2) Some environmental change interrupts transmission of the organism
Plague eventually died out in Europe because humans increasingly lived in ways that distanced them from rat populations. It remains endemic among some animal populations in the southwest USA, but is now treatable with antibiotics. A contemporary example might be HIV, where transmission was radically reduced by changes in sexual practices, the greater use of condoms, and the increased availability of safe injection methods for drug users.
3) The organism mutates to become less virulent
This may have happened with some of the coronaviruses that cause the common cold. These would originally have entered human populations in much the same way as SARS-CoV-2 but became less virulent and more transmissible. Evolutionary processes tend to favour less severe forms of disease organisms, because the victim survives longer and can infect more people. A less disabling infection may also lead to less self-isolation in a sick bed and, again, create more opportunities for transmission as everyday life continues.
4) An effective vaccine or therapy is developed and the organism does not mutate fast enough to escape it. If there is no animal species to act as a reservoir, the disease can be eradicated.

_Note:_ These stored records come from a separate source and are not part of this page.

Lemma measurable_ord_of_sign dT (T : measurableType dT) (X : T -> R) k :
  measurable_fun setT X -> measurable [set w | ord_of_sign (X w) = k].
Proof.
move=> mX; have -> : [set w | ord_of_sign (X w) = k] =
    [set w | (ord_of_sign (X w) : nat) = k].
  by apply/seteqP; split => w /= h; [rewrite h | exact: val_inj].
rewrite /ord_of_sign; case: k => [[|[|[|k]]] Hk] //=.
- rewrite (_ : [set w | _] = [set w | X w < 0]); first exact: measurable_ltr.
  apply/seteqP; split => w /=; first by case: ltrgtP.
  by move=> X_lt0; rewrite ltNge (ltW X_lt0) (negbTE (ltr0_neq0 X_lt0)).
- rewrite (_ : [set w | _] = [set w | X w <= 0] `&` [set w | 0 <= X w]).
    by apply: measurableI; [exact: measurable_ler | exact: measurable_ger].
  apply/seteqP; split => w /=; first by case: ltrgtP => // ->.
  case=> X_le0 X_ge0; have -> : X w = 0 by apply/eqP; rewrite eq_le X_le0.
  by rewrite ltxx eqxx.
- rewrite (_ : [set w | _] = [set w | 0 < X w]); first exact: measurable_gtr.
  by apply/seteqP; split => w /=; [case: ltrgtP | move=> ->].
Qed.

Context (dT : measure_display) (T : measurableType dT) (P : probability T R).
Context (d : nat) (ghat : 'rV[R]_d -> T -> 'rV[R]_d).
Hypothesis ghat_measurable : forall x i, measurable_fun setT (fun w => ghat x w 0 i).

Definition sgvec (s : {ffun 'I_d -> 'I_3}) : 'rV[R]_d := \row_i sign_of_ord (s i).

Definition sign_pattern x w : {ffun 'I_d -> 'I_3} :=
  [ffun i => ord_of_sign (ghat x w 0 i)].

Definition sign_event x s := [set w | sign_pattern x w = s].

Lemma sgv_sign_pattern x w : sgv (ghat x w) = sgvec (sign_pattern x w).
Proof. by apply/matrixP => i j; rewrite !mxE ffunE ord_of_signK (ord1 i). Qed.

Lemma measurable_sign_event x s : measurable (sign_event x s).
Proof.
have -> : sign_event x s =
    \bigcap_(i in [set: 'I_d]) [set w | ord_of_sign (ghat x w 0 i) = s i].
  apply/seteqP; split => w /=; first by move=> <- i _; rewrite ffunE.
  by move=> Hs; apply/ffunP => i; rewrite ffunE; apply: Hs.
apply: fin_bigcap_measurable; first exact: finite_finset.
by move=> i _; apply: measurable_ord_of_sign.
Qed.

(* [sgv (ghat x)] is a simple function: it is constant on each of the finitely
   many events [sign_event x s]. *)
Lemma integral_sgv x (psi : 'rV[R]_d -> R) : (forall v, 0 <= psi v) ->
  (\int[P]_w (psi (sgv (ghat x w)))%:E =
   (\sum_s pr P (sign_event x s) * psi (sgvec s))%:E)%E.
Proof.
move=> psi_ge0.
transitivity (\int[P]_w (\sum_s ((psi (sgvec s))%:E * (\1_(sign_event x s) w)%:E)))%E.
  apply: eq_integral => w _; rewrite sgv_sign_pattern (bigD1 (sign_pattern x w)) //=.
  rewrite indicE mem_set // mule1 big1 ?adde0 // => s s_neq.
  by rewrite indicE memNset ?mule0 // => /= s_eq; rewrite s_eq eqxx in s_neq.
rewrite ge0_integral_sum //; last 2 first.
- move=> s; apply/measurable_funeM/measurable_realfun.measurable_EFinP.
  exact/measurable_realfun.measurable_indic/measurable_sign_event.
- by move=> s w _; rewrite mule_ge0 // lee_fin ?psi_ge0 // indicE.
rewrite -sumEFin; apply: eq_bigr => s _.
have mE := measurable_sign_event x s.
rewrite (@ge0_integralZl _ _ _ P setT measurableT (fun w => (\1_(sign_event x s) w)%:E)); last 3 first.
- exact/measurable_realfun.measurable_EFinP/measurable_realfun.measurable_indic.
- by move=> w _; rewrite lee_fin indicE.
- by rewrite lee_fin.
by rewrite integral_indic // setIT EFinM muleC -(prE P mE).
Qed.

Lemma measurable_sgv_preimage x (b : pred 'rV[R]_d) :
  measurable [set w | b (sgv (ghat x w))].
Proof.
have -> : [set w | b (sgv (ghat x w))] =
    \bigcup_(s in [set s | b (sgvec s)]) sign_event x s.
  apply/seteqP; split => w /=; rewrite sgv_sign_pattern; first by exists (sign_pattern x w).
  by case=> s /= b_s ->.
apply: fin_bigcup_measurable; first exact: finite_finset.
by move=> s _; apply: measurable_sign_event.
Qed.

Lemma sum_pr_sign_event_pred x (b : pred 'rV[R]_d) :
  \sum_s pr P (sign_event x s) * (b (sgvec s))%:R = pr P [set w | b (sgv (ghat x w))].
Proof.
have mb := measurable_sgv_preimage x b.
apply: EFin_inj.
rewrite -(integral_sgv x (psi := fun v => (b v)%:R)) // -(prE P mb).
transitivity (\int[P]_w (\1_[set w | b (sgv (ghat x w))] w)%:E)%E.
  by apply: eq_integral => w _; rewrite indicE /= mem_setE.
by rewrite integral_indic // setIT.
Qed.

Lemma sum_pr_sign_event x : \sum_s pr P (sign_event x s) = 1.
Proof.
have := sum_pr_sign_event_pred x predT.
under eq_bigr do rewrite mulr1.
by move=> ->; rewrite -(pr_setT P); congr (pr P _); apply/seteqP.
Qed.

Lemma expected_sign x i :
  \sum_s pr P (sign_event x s) * sign_of_ord (s i) =
  pr P [set w | 0 < ghat x w 0 i] - pr P [set w | ghat x w 0 i < 0].
Proof.
have -> : [set w | 0 < ghat x w 0 i] = [set w | 0 < sgv (ghat x w) 0 i].
  by apply/seteqP; split => w /=; rewrite mxE sgr_gt0.
have -> : [set w | ghat x w 0 i < 0] = [set w | sgv (ghat x w) 0 i < 0].
  by apply/seteqP; split => w /=; rewrite mxE sgr_lt0.
rewrite -(sum_pr_sign_event_pred x (fun v => 0 < v 0 i)).
rewrite -(sum_pr_sign_event_pred x (fun v => v 0 i < 0)) -sumrB.
by apply: eq_bigr => s _; rewrite !mxE {1}sign_of_ordE mulrBr.
Qed.

End SignPatterns.

Arguments sign_of_ord {R} k.
Arguments sgvec {R d} s.

Section SignSGDKernel.
Context (R : realType) (dT : measure_display) (T : measurableType dT)
  (P : probability T R) (d : nat) (ghat : 'rV[R]_d -> T -> 'rV[R]_d) (gamma : R).
Hypothesis ghat_measurable : forall x i, measurable_fun setT (fun w => ghat x w 0 i).

Definition signsgd_kernel (h : 'rV[R]_d -> R) x :=
  \sum_s pr P (sign_event ghat x s) * h (x - gamma *: sgvec s).

Local Notation Q := signsgd_kernel.

Lemma signsgd_stepE h : (forall y, 0 <= h y) ->
  signsgd_step P ghat gamma (fun y => (h y)%:E) = fun x => (Q h x)%:E.
Proof.
move=> h_ge0; apply/funext => x.
exact: (integral_sgv P ghat_measurable x (psi := fun v => h (x - gamma *: v))).
Qed.

Lemma signsgd_kernelDZ h1 h2 c :
  Q (fun y => h1 y + c * h2 y) = fun x => Q h1 x + c * Q h2 x.
Proof.
apply/funext => x; rewrite /Q mulr_sumr -big_split.
by apply: eq_bigr => s _ /=; ring.
Qed.

Lemma signsgd_kernel_cst c : Q (fun=> c) = fun=> c.
Proof.
by apply/funext => x; rewrite /Q -mulr_suml (sum_pr_sign_event P ghat_measurable) mul1r.
Qed.

Lemma le_signsgd_kernel h1 h2 : (forall y, h1 y <= h2 y) -> forall x, Q h1 x <= Q h2 x.
Proof. by move=> h12 x; apply: ler_sum => s _; rewrite ler_wpM2l ?pr_ge0. Qed.

Lemma iter_signsgd_kernelDZ n h1 h2 c :
  iter n Q (fun y => h1 y + c * h2 y) =
  fun x => iter n Q h1 x + c * iter n Q h2 x.
Proof. by elim: n => [//|n IHn] /=; rewrite IHn signsgd_kernelDZ. Qed.

Lemma iter_signsgd_kernel_cst n c : iter n Q (fun=> c) = fun=> c.
Proof. by elim: n => [//|n IHn] /=; rewrite IHn signsgd_kernel_cst. Qed.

The only successful example is smallpox eradication, declared complete in 1980 by the World Health Organisation. This required 20 years’ work, involving an extraordinary degree of international co-operation despite the Cold War between the USA and the USSR and their competition for global hegemony. Poliomyelitis is approaching eradication, but this has also taken more than twenty years’ work under WHO leadership. Eradication may also be achievable by the use of a therapy that prevents transmission, rather than a vaccine that generates an immune response – HIV and PrEP is an example.
SARS-CoV-2 does not seem likely to be eliminated by the first mechanism: people do not die from the infection in large enough numbers. There may be genetic influences on survival but these do not seem to be sufficient to create a resistant population through selective reproduction. There is still uncertainty about how much immunity follows recovery and how long it will last. It is not clear that any environmental change will interrupt transmission sufficiently to eradicate the virus. Some advocates of mask wearing and social distancing might make this claim.
The evidence for the benefits of either is, though, so uncertain that they seem unlikely to be decisive, especially with a virus that can be passed on through asymptomatic individuals or before symptoms emerge. By comparison, SARS–CoV-1 was not infectious until symptoms emerged. This made it feasible to isolate sick people before they had many contacts. Mutation is a stronger possibility, if this is how other coronaviruses survived in human populations. If 80-85 percent of people who contract COVID-19 only have a mild to moderate illness, that is a powerful selection pressure. The prospects for a vaccine are uncertain but many in that field seem sceptical that it will be anything like as effective as the childhood vaccinations that we take as models.
We may get lucky – but it seems to be just as likely that we need to learn to live with this virus much as we have learned to live with influenza. I hope to return to this theme in a future post.